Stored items
● ● ● ●
(* Assume $b_1<n^*$ and $b_2<m^*$. Then in every Nash equilibrium $(\sigma^{1*},\sigma^{2*})$ of $\Gamma(b_1,b_2)$, the node basis of $\sigma^{1*}$ is a set cover. Furthermore, $\Gamma(b_1,b_2)$ has no Nash equilibrium in which $\sigma^{1*}$ or $\sigma^{2*}$ is a point mass (both players must randomize).
   Context: Detection model: finite nonempty sets $\mathcal V$, $\mathcal E$, monitoring sets $\mathcal C_i\subseteq\mathcal E$ ($i\in\mathcal V$) with every $e\in\mathcal E$ in some $\mathcal C_i$; $\mathcal C_S=\bigcup_{i\in S}\mathcal C_i$; $F(S,T)=|\mathcal C_S\cap T|$. Set cover: $S\subseteq\mathcal V$ with $\mathcal C_S=\mathcal E$; $n^*$ = minimum size of a set cover. Set packing: $T\subseteq\mathcal E$ with $|\mathcal C_i\cap T|\le1$ for all $i$; $m^*$ = maximum size of a set packing. Game $\Gamma(b_1,b_2)$ ($b_1,b_2$ positive integers): $\mathcal A_1=\{S\subseteq\mathcal V:|S|\le b_1\}$, $\mathcal A_2=\{T\subseteq\mathcal E:|T|\le b_2\}$; mixed strategies $\sigma^1\in\Delta(\mathcal A_1)$, $\sigma^2\in\Delta(\mathcal A_2)$ (independent); payoffs $U_1=\mathbb E[F(S,T)]$, $U_2=\mathbb E[|T|]-\mathbb E[F(S,T)]$; Nash equilibrium in mixed strategies as usual. The node basis of $\sigma^1$ is $\{i\in\mathcal V:\mathbb P_{S\sim\sigma^1}(i\in S)>0\}$. *)

From HB Require Import structures.
From mathcomp Require Import all_boot all_order all_algebra.
Set Implicit Arguments. Unset Strict Implicit. Unset Printing Implicit Defensive.
Import Order.TTheory GRing.Theory Num.Theory.

Section Detection.
Variables (V E : finType) (C : V -> {set E}).

Definition CS (S : {set V}) : {set E} := \bigcup_(i in S) C i.
Definition Fdet (S : {set V}) (T : {set E}) : nat := #|CS S :&: T|.

Definition is_set_cover (S : {set V}) : bool := CS S == [set: E].
Definition is_set_packing (T : {set E}) : bool := [forall i, #|C i :&: T| <= 1].

(* n* : minimum size of a set cover (default #|V| is irrelevant when
   some cover exists, e.g. [set: V] under the covering assumption) *)
Definition n_star : nat := \big[minn/#|V|]_(S : {set V} | is_set_cover S) #|S|.
Definition m_star : nat := \max_(T : {set E} | is_set_packing T) #|T|.

Local Open Scope ring_scope.
Variable R : realFieldType.

(* a mixed strategy over the action set {A : |A| <= b} *)
Definition mixed (T : finType) (b : nat) (sigma : {set T} -> R) : Prop :=
  [/\ forall A : {set T}, 0 <= sigma A,
      \sum_(A : {set T}) sigma A = 1 &
      forall A : {set T}, (b < #|A|)%N -> sigma A = 0].

Definition U1 (s1 : {set V} -> R) (s2 : {set E} -> R) : R :=
  \sum_(S : {set V}) \sum_(T : {set E}) s1 S * s2 T * (Fdet S T)%:R.

Definition U2 (s1 : {set V} -> R) (s2 : {set E} -> R) : R :=
  \sum_(S : {set V}) \sum_(T : {set E})
     s1 S * s2 T * ((#|T|)%:R - (Fdet S T)%:R).

Definition nash (b1 b2 : nat) (s1 : {set V} -> R) (s2 : {set E} -> R) : Prop :=
  [/\ mixed b1 s1, mixed b2 s2,
      forall t1, mixed b1 t1 -> U1 t1 s2 <= U1 s1 s2 &
      forall t2, mixed b2 t2 -> U2 s1 t2 <= U2 s1 s2].

Definition node_basis (s1 : {set V} -> R) : {set V} :=
  [set i | 0 < \sum_(S : {set V} | i \in S) s1 S].

Definition point_mass (T : finType) (sigma : {set T} -> R) : Prop :=
  exists A, sigma A = 1.

End Detection.

From HB Require Import structures.
From mathcomp Require Import all_boot all_order all_algebra.
From mathcomp Require Import zify ring lra.
Set Implicit Arguments. Unset Strict Implicit. Unset Printing Implicit Defensive.
Import Order.TTheory GRing.Theory Num.Theory.

(* Write u1, u2 for the equilibrium payoffs; u1 + u2 is the expected size of the
   attack, hence at most b2.  Pure deviations give u1 < b1 (using a packing of size
   b2 + 1) and u2 > 0 (no defended set is a cover, as b1 < n_star).  An element
   escaping the node basis, or a pure strategy of either player, allows a deviation
   violating one of these three inequalities. *)

Section CardinalityBounds.
Variables (I X : finType).

Lemma card_bigcup_le (S : {set I}) (D : I -> {set X}) :
  (#|\bigcup_(j in S) D j| <= \sum_(j in S) #|D j|)%N.
Proof.
elim/big_ind2: _ => [|m A n B Am Bn|//]; first by rewrite cards0.
by rewrite (leq_trans (leq_card_setU _ _)) // leq_add.
Qed.

Lemma sum_card_disjoint_le (S : {set I}) (D : I -> {set X}) (B : {set X}) :
  (forall j, j \in S -> D j \subset B) ->
  (forall j k e, j \in S -> k \in S -> e \in D j -> e \in D k -> j = k) ->
  (\sum_(j in S) #|D j| <= #|B|)%N.
Proof.
move=> subB disj; rewrite -sum1_card.
under eq_bigr do rewrite -sum1_card big_mkcond /=.
rewrite exchange_big /= [leqRHS]big_mkcond /=; apply: leq_sum => e _.
case: (pickP [pred j | (j \in S) && (e \in D j)]) => [j /andP[jS ej]|none].
  rewrite (bigD1 j) //= ej (subsetP (subB j jS)) // big1 // => k /andP[kS kj].
  by case: ifP => // ek; case/eqP: kj; apply: disj ek ej.
by rewrite big1 // => k kS; case: ifP => // ek; move: (none k); rewrite /= kS ek.
Qed.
● ● ● ●
Task brief: Wherever the word "exists" turns up in a line of the entries above, copy that line.

Solution to this exercise:
   some cover exists, e.g. [set: V] under the covering assumption) *)
  exists A, sigma A = 1.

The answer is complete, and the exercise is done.